Since the start of the year, a net $1.2 billion has flowed into semiconductor ETFs, but $1.6 billion of that has gone into the Direxion Daily Semiconductor Bear 3X Shares (SOXS). As a leveraged, inverse fund, SOXS rises when semiconductor stocks go down, and vice versa.
As such, it’s had a horrendous year, losing three-quarters of its value.
By contrast, the Direxion Daily Semiconductor Bull 3X Shares (SOXL), which provides geared, long exposure to semis, is up by 166%, yet investors have pulled $1.7 billion out of the fund. While it’s interesting to see investors in these ETFs take a contrarian view on chip stocks, it’s not the only thing going on.
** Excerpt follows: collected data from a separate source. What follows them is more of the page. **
(* Assume $X_0\in L^\infty$ and $x\in\mathbb{R}$. Then $X^*$ is beating-performance-variance (BPV) efficient in $\mathscr{X}(x)$ if and only if $X^*$ is variance-minimal in $\mathscr{X}_{\mathrm{icx}}(x,X_0+z)$ for some $z\ge \frac{x}{\mathrm{E}[\rho]}-Q_0(1)$.
   Context: $(\Omega,\mathcal{F},\mathbb{P})$ is a complete nonatomic probability space. $\rho\in L^2$ with $\mathbb{P}(\rho>0)=1$ and $\mathrm{Var}[\rho]>0$. For a random variable $X$, $Q_X(t)=\inf\{y:\mathbb{P}(X\le y)>t\}$ for $t\in[0,1)$, $Q_X(1):=\lim_{t\uparrow1}Q_X(t)$; $Q_0:=Q_{X_0}$. For random variables $X,Y$, $X\succeq_{\mathrm{icx}}Y$ means $\mathrm{E}[f(X)]\ge\mathrm{E}[f(Y)]$ for all increasing convex $f$ (equivalently $\int_t^1Q_X\ge\int_t^1Q_Y$ for all $t\in[0,1]$). $\mathscr{X}(x)=\{X\in L^2:\mathrm{E}[\rho X]\le x\}$; $\mathscr{X}_{\mathrm{icx}}(x,Y_0)=\{X\in L^2:\mathrm{E}[\rho X]\le x,\ X\succeq_{\mathrm{icx}}Y_0\}$, and $X$ is variance-minimal in it if it minimizes $\mathrm{Var}[X]$ over it. The beating performance of $X\in L^2$ is $\psi(X)=\sup\{m\in\mathbb{R}: X-m\succeq_{\mathrm{icx}}X_0\}$ (with $\sup\emptyset=-\infty$). $X\in\mathscr{X}(x)$ is BPV efficient in $\mathscr{X}(x)$ if there is no $Y\in\mathscr{X}(x)$ with $\psi(Y)\ge\psi(X)$ and $\mathrm{Var}[Y]\le\mathrm{Var}[X]$ with at least one inequality strict. *)

From HB Require Import structures.
From mathcomp Require Import all_boot all_order all_algebra.
From mathcomp Require Import all_classical all_reals all_analysis.
Set Implicit Arguments. Unset Strict Implicit. Unset Printing Implicit Defensive.
Import Order.TTheory GRing.Theory Num.Theory.
Import numFieldNormedType.Exports.
Local Open Scope classical_set_scope.
Local Open Scope ring_scope.

Section defs.
Context {R : realType} {d : measure_display} {T : measurableType d}.
Variable P : probability T R.

Definition nonatomic : Prop :=
  forall A : set T, measurable A -> (0 < P A)%E ->
    exists B : set T, [/\ measurable B, B `<=` A, (0 < P B)%E & (P B < P A)%E].

Definition L2 (X : T -> R) : Prop :=
  measurable_fun setT X /\ P.-integrable setT (fun w => (X w ^+ 2)%:E).

Definition Linfty (X : T -> R) : Prop :=
  measurable_fun setT X /\ exists M : R, {ae P, forall w, `|X w| <= M}.

Definition quantile (X : T -> R) (t : R) : R :=
  inf [set y : R | (t%:E < P [set w | (X w <= y)%R])%E].

(* Q_X(1) := lim_{t -> 1^-} Q_X(t) *)
Definition quantile1 (X : T -> R) : R :=
  lim (quantile X t @[t --> (1:R)^'-]).

Definition increasing_convex (f : R -> R) : Prop :=
  (forall u v, u <= v -> f u <= f v) /\
  (forall u v (l : R), 0 <= l <= 1 ->
     f (l * u + (1 - l) * v) <= l * f u + (1 - l) * f v).

Definition icx_ge (X Y : T -> R) : Prop :=
  forall f : R -> R, increasing_convex f ->
    ('E_P[f \o Y] <= 'E_P[f \o X])%E.

Definition budget (rho : T -> R) (x : R) : set (T -> R) :=
  [set X | L2 X /\ ('E_P[rho \* X] <= x%:E)%E].

Definition budget_icx (rho : T -> R) (x : R) (Y0 : T -> R) : set (T -> R) :=
  [set X | L2 X /\ ('E_P[rho \* X] <= x%:E)%E /\ icx_ge X Y0].

Definition variance_minimal (S : set (T -> R)) (X : T -> R) : Prop :=
  S X /\ forall Y, S Y -> ('V_P[X] <= 'V_P[Y])%E.

(* beating performance psi(X) = sup {m : X - m >=_icx X0}, sup of empty = -oo *)
Definition beating_perf (X0 X : T -> R) : \bar R :=
  ereal_sup [set m%:E | m in [set m : R | icx_ge (X \- cst m) X0]].

Definition BPV_efficient (rho : T -> R) (x : R) (X0 X : T -> R) : Prop :=
  budget rho x X /\
  ~ exists Y, [/\ budget rho x Y,
      (beating_perf X0 X <= beating_perf X0 Y)%E,
      ('V_P[Y] <= 'V_P[X])%E &
      ((beating_perf X0 X < beating_perf X0 Y)%E \/ ('V_P[Y] < 'V_P[X])%E)].

End defs.

From HB Require Import structures.
From mathcomp Require Import all_boot all_order all_algebra.
From mathcomp Require Import all_classical all_reals all_analysis.
From mathcomp Require Import measurable_realfun.
From mathcomp Require Import ring lra.
Import Order.TTheory GRing.Theory Num.Theory.
Import numFieldNormedType.Exports.
Local Open Scope classical_set_scope.
Local Open Scope ring_scope.

(* The beating performance psi(Y) is the largest shift m with Y - m >=_icx X0.
   As X0 is bounded, this supremum is attained (by convexity, shifting X0 down
   by d changes E[f(X0)] by O(d)), so psi(Y) >= z says exactly that Y lies in
   X_icx(x, X0 + z).  The constant x / E[rho] is affordable, has zero
   variance, and dominates X0 - Q0(1) in the icx order because Q0(1) is the
   essential supremum of X0; so an efficient Xstar has
   psi(Xstar) >= x / E[rho] - Q0(1), and z := psi(Xstar) works.  Conversely,
   let Xstar be variance-minimal for such a z and suppose Y dominates it.
   Then psi(Y) > z, i.e. Y - m >=_icx X0 for some m > z.  If Var Y = 0, this
   forces m <= x / E[rho] - Q0(1) <= z; otherwise (1 - l) Y + l x / E[rho]
   stays affordable and in X_icx(x, X0 + z) for small l > 0 while having
   smaller variance than Y. *)

Section increasing_convex.
Context {R : realType}.
Implicit Types (f : R -> R) (a b c u : R).

Lemma increasing_convex_le {f u v} : increasing_convex f -> u <= v -> f u <= f v.
Proof. by case=> + _; apply. Qed.

Lemma increasing_convex_id : increasing_convex (@id R).
Proof. by split=> // u v l _; rewrite lexx. Qed.

Lemma increasing_convex_excess (k : R) :
  increasing_convex (fun u => Num.max (u - k) 0).
Proof.
split=> [u v uv|u v l /andP[l0 l1]]; first by apply: le_max2; rewrite ?lerB.
have l1' : 0 <= 1 - l by rewrite subr_ge0.
rewrite ge_max addr_ge0 ?mulr_ge0 ?le_max ?lexx ?orbT// andbT.
rewrite (_ : l * u + (1 - l) * v - k = l * (u - k) + (1 - l) * (v - k)); last by ring.
by rewrite lerD// ler_wpM2l// le_max lexx.
Qed.

Lemma increasing_convex_affine {f} a b : increasing_convex f -> 0 <= a ->
  increasing_convex (fun u => f (a * u + b)).
Proof.
move=> [nd cv] a0; split=> [u v uv|u v l l01]; first by rewrite nd// lerD2r ler_wpM2l.
rewrite (_ : a * _ + b = l * (a * u + b) + (1 - l) * (a * v + b)); last by ring.
exact: cv.
Qed.

Lemma increasing_convex_chord {f a b c} : increasing_convex f -> a <= b <= c ->
  (c - a) * f b <= (c - b) * f a + (b - a) * f c.
Proof.
move=> [_ cv] /andP[ab bc]; have [ac|ca] := ltrP a c; last first.
  have [-> -> ->] : [/\ c - a = 0, c - b = 0 & b - a = 0] by split; lra.
  by rewrite !mul0r addr0.
have ca0 : c - a != 0 by rewrite subr_eq0 gt_eqF.
pose l := (c - b) / (c - a).
have l01 : 0 <= l <= 1.
  by rewrite /l divr_ge0 ?subr_ge0 ?(ltW ac)//= ler_pdivrMr ?subr_gt0// mul1r lerD2l lerN2.
have := cv a c l l01; rewrite (_ : l * a + (1 - l) * c = b); last by rewrite /l; field.
have ca : 0 <= c - a by rewrite subr_ge0 ltW.
move/(ler_wpM2l ca).
by rewrite (_ : (c - a) * (l * f a + (1 - l) * f c) = (c - b) * f a + (b - a) * f c) // /l; field.
Qed.

Lemma increasing_convex_shiftN_le {f u d} : increasing_convex f -> 0 <= d ->
  f u <= f (u - d) + d * (f (u + 1) - f u).
Proof.
move=> fic d0; have h : u - d <= u <= u + 1 by rewrite gerBl d0 lerDl ler01.
by have := increasing_convex_chord fic h; lra.
Qed.

Lemma increasing_convex_shift_le {f u d} : increasing_convex f -> 0 <= d <= 1 ->
  f (u + d) <= f u + d * (f (u + 1) - f u).
Proof.
move=> fic /andP[d0 d1]; have h : u <= u + d <= u + 1 by rewrite lerD2l d1 lerDl d0.
by have := increasing_convex_chord fic h; lra.
Qed.

End increasing_convex.

Section expectation.
Context {R : realType} {d : measure_display} {T : measurableType d}.
Context {P : probability T R}.
Implicit Types (g h X : T -> R) (A : set T).

Lemma measurable_increasing_convex_comp (f : R -> R) g : increasing_convex f ->
  measurable_fun setT g -> measurable_fun setT (f \o g).
Proof. by case=> nd _ mg; apply: measurableT_comp => //; exact: nondecreasing_measurable. Qed.

Lemma measurable_sublevel X y : measurable_fun setT X -> measurable [set w | X w <= y].
Proof.
move=> mX; rewrite (_ : [set w | X w <= y] = setT `&` X @^-1` `]-oo, y]).
  by apply: mX => //; exact: measurable_itv.
by apply/seteqP; split => w /=; rewrite in_itv /=; [move=> ->|move=> [_ ->]].
Qed.

Lemma measurable_superlevel X y : measurable_fun setT X -> measurable [set w | y < X w].
Proof.
move=> mX; rewrite (_ : [set w | y < X w] = setT `&` X @^-1` `]y, +oo[).
  by apply: mX => //; exact: measurable_itv.
by apply/seteqP; split => w /=; rewrite in_itv /= andbT; [move=> ->|move=> [_ ->]].
Qed.

Lemma ae_probability1 A : measurable A -> {ae P, forall w, A w} -> P A = 1%E.
Proof.
move=> mA [N [mN PN AN]].
have : P (~` A) = 0%E.
  apply/eqP; rewrite eq_le measure_ge0 andbT -PN.
  by apply: le_measure; rewrite ?inE//; exact: measurableC.
rewrite probability_setC// -(fineK (fin_num_measure P _ mA)) -EFinB => -[].
by move/eqP; rewrite subr_eq0 => /eqP <-.
Qed.

Lemma probability1_ae A : measurable A -> P A = 1%E -> {ae P, forall w, A w}.
Proof.
move=> mA PA; exists (~` A); split => //; first exact: measurableC.
by rewrite probability_setC// PA subee.
Qed.

Lemma not_ae_false : ~ {ae P, forall w : T, False}.
Proof.
move=> [N [mN PN sub]]; have : (P setT <= P N)%E.
  by apply: le_measure; rewrite ?inE// => w _; exact: sub.
by rewrite PN probability_setT lee_fin ler10.
Qed.

Lemma expectation_ae_le g h : measurable_fun setT g -> measurable_fun setT h ->
  {ae P, forall w, g w <= h w} -> ('E_P[g] <= 'E_P[h])%E.
Proof.
move=> mg mh gh; rewrite unlock [X in (X <= _)%E]integralE [X in (_ <= X)%E]integralE.
have mg' : measurable_fun setT (EFin \o g) by exact/measurable_EFinP.
have mh' : measurable_fun setT (EFin \o h) by exact/measurable_EFinP.
apply: leeB; apply: ae_ge0_le_integral => //;
  try exact: measurable_funepos; try exact: measurable_funeneg;
  apply: filterS gh => w gw _.
  by rewrite !funeposE; apply: le_max2 => //; rewrite lee_fin.
by rewrite !funenegE; apply: le_max2 => //; rewrite leeN2 lee_fin.
Qed.

Lemma expectation_ae_eq g h : measurable_fun setT g -> measurable_fun setT h ->
  {ae P, forall w, g w = h w} -> ('E_P[g] = 'E_P[h])%E.
Proof.
move=> mg mh gh; apply/eqP; rewrite eq_le !expectation_ae_le//;
  by apply: filterS gh => w ->.
Qed.

Lemma expectation_le_cst g c : measurable_fun setT g ->
  {ae P, forall w, g w <= c} -> ('E_P[g] <= c%:E)%E.
Proof. by move=> mg gc; rewrite -(expectation_cst P c); exact: expectation_ae_le. Qed.

Lemma expectation_ge_cst g c : measurable_fun setT g ->
  {ae P, forall w, c <= g w} -> (c%:E <= 'E_P[g])%E.
Proof. by move=> mg gc; rewrite -(expectation_cst P c); exact: expectation_ae_le. Qed.

Lemma bounded_Lfun1 g C : measurable_fun setT g ->
  {ae P, forall w, `|g w| <= C} -> g \in Lfun P 1.
Proof.
move=> mg gC; apply/Lfun1_integrable/integrableP; split; first exact/measurable_EFinP.
apply: (@le_lt_trans _ _ (\int[P]_w (cst `|C|%:E) w))%E; last first.
  by rewrite integral_cst// ltey_eq fin_numM// fin_num_measure.
apply: ae_ge0_le_integral => //.
- by apply: measurableT_comp => //; exact/measurable_EFinP.
- by move=> w _; rewrite lee_fin.
- by apply: filterS gC => w gw _; rewrite lee_fin (le_trans gw (ler_norm _)).
Qed.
Sizzling Rally in Chip Stocks
No doubt, there are investors out there who bought these ETFs this year expecting chip stocks to fall back to Earth after their sizzling rally—and they’ve been wrong.
But many others purchased them before this year’s rally. SOXL, for instance, had $6.2 billion of inflows last year. It makes sense that some of those investors would take profits after the price of the fund rose more than two and a half times this year.
Meanwhile, other investors may have purchased these ETFs to hedge existing positions. If someone is overweight Nvidia, they might use SOXS as a counterbalance to that stock.
So, there are myriad reasons people use these funds, and surface-level flows don’t always tell the full story.
Outside of SOXS and SOXL, chip stock ETF flows have been relatively neutral. Around $907 million has flowed into the First Trust Nasdaq Semiconductor ETF (FTXL) and $368 million has flowed into the SPDR S&P Semiconductor ETF (XSD).
On the other hand, investors pulled $164 million and $23 million out of the iShares Semiconductor ETF (SOXX) and the VanEck Semiconductor ETF (SMH), respectively.